EXERCISE BRIEF:
Within the listing below, determine how many lines hold the word "Lemma". Give the number with no commentary.

THE INPUT:
Lemma Xnorm_weak_doubling : weak_doubling (fun A => Xnorm rho w (chi A)).
Proof.
apply: (weak_doubling_of_ratio (tau := 2)) => [|r r1]; first lra.
near (pinfty_nbhs R) => t.
exists (t *: theta); apply: Xnorm_chi_eball_ratio_le; first lra.
- by near: t; exact: nbhs_pinfty_ge (num_real _).
- near: t; apply: filterS (nbhs_pinfty_ge (num_real (2 * (2 * r) / gamma))) => t.
  by rewrite ler_pdivrMr // [t * _]mulrC.
- by near: t; apply: rphi_shift_le; lra.
Unshelve. all: by end_near.
Qed.

Lemma Xnorm_chi_eball0_ge : exists C, 0 < C /\ exists R0, forall r, R0 <= r ->
  ((C * expR (r * phi r))%:E <= Xnorm rho w (chi (eball 0 r)))%E.
Proof.
pose m := Num.min gamma 1; pose d := m / 2.
have m0 : 0 < m by rewrite lt_min gamma_gt0 ltr01.
have [m_gamma m1] : m <= gamma /\ m <= 1 by split; rewrite ge_min lexx ?orbT.
have d0 : 0 < d by rewrite divr_gt0.
have dm : 2 * d = m by rewrite /d mulrC divfK.
have [q [q0 rq]] := rho_chi_eball rho_bfn Y_ti mu_leb d0.
exists (C0 * expR (- (2 * d * phi 1)) * q); split; first by rewrite !mulr_gt0 ?expR_gt0.
exists 2 => r r2; set y := (r - d) *: theta.
have mB := measurable_eball mu y d.
have c_ge0 : 0 <= C0 * expR (r * phi r - 2 * d * phi 1) by rewrite mulr_ge0 // ltW.
apply: (le_trans _ (Xnorm_chi_ge rho_bfn mw w_ge0 mB (measurable_eball mu 0 r) c_ge0 _ _)).
- have -> : C0 * expR (- (2 * d * phi 1)) * q * expR (r * phi r) =
      C0 * expR (r * phi r - 2 * d * phi 1) * q by rewrite expRD; ring.
  by rewrite rq -EFinM.
- move=> x; rewrite /eball /= subr0 => xy.
  have := enormD (x - y) y; rewrite subrK enormZ theta1 mulr1 ger0_norm; lra.
- move=> x xB; have d1 : 1 + d <= r - d by lra.
  have d_gamma : 2 * d <= gamma * (r - d) by nra.
  have [wl _] := weight_far_ball d0 d1 d_gamma xB.
  apply: le_trans wl; rewrite lee_fin ler_pM2l // ler_expR.
  have phi_r : phi r <= phi (r - d - d) by apply: phi_noninc; lra.
  have phi_1 : phi r <= phi 1 by apply: phi_noninc; lra.
  nra.
Qed.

RESULT OF THE EXERCISE:
2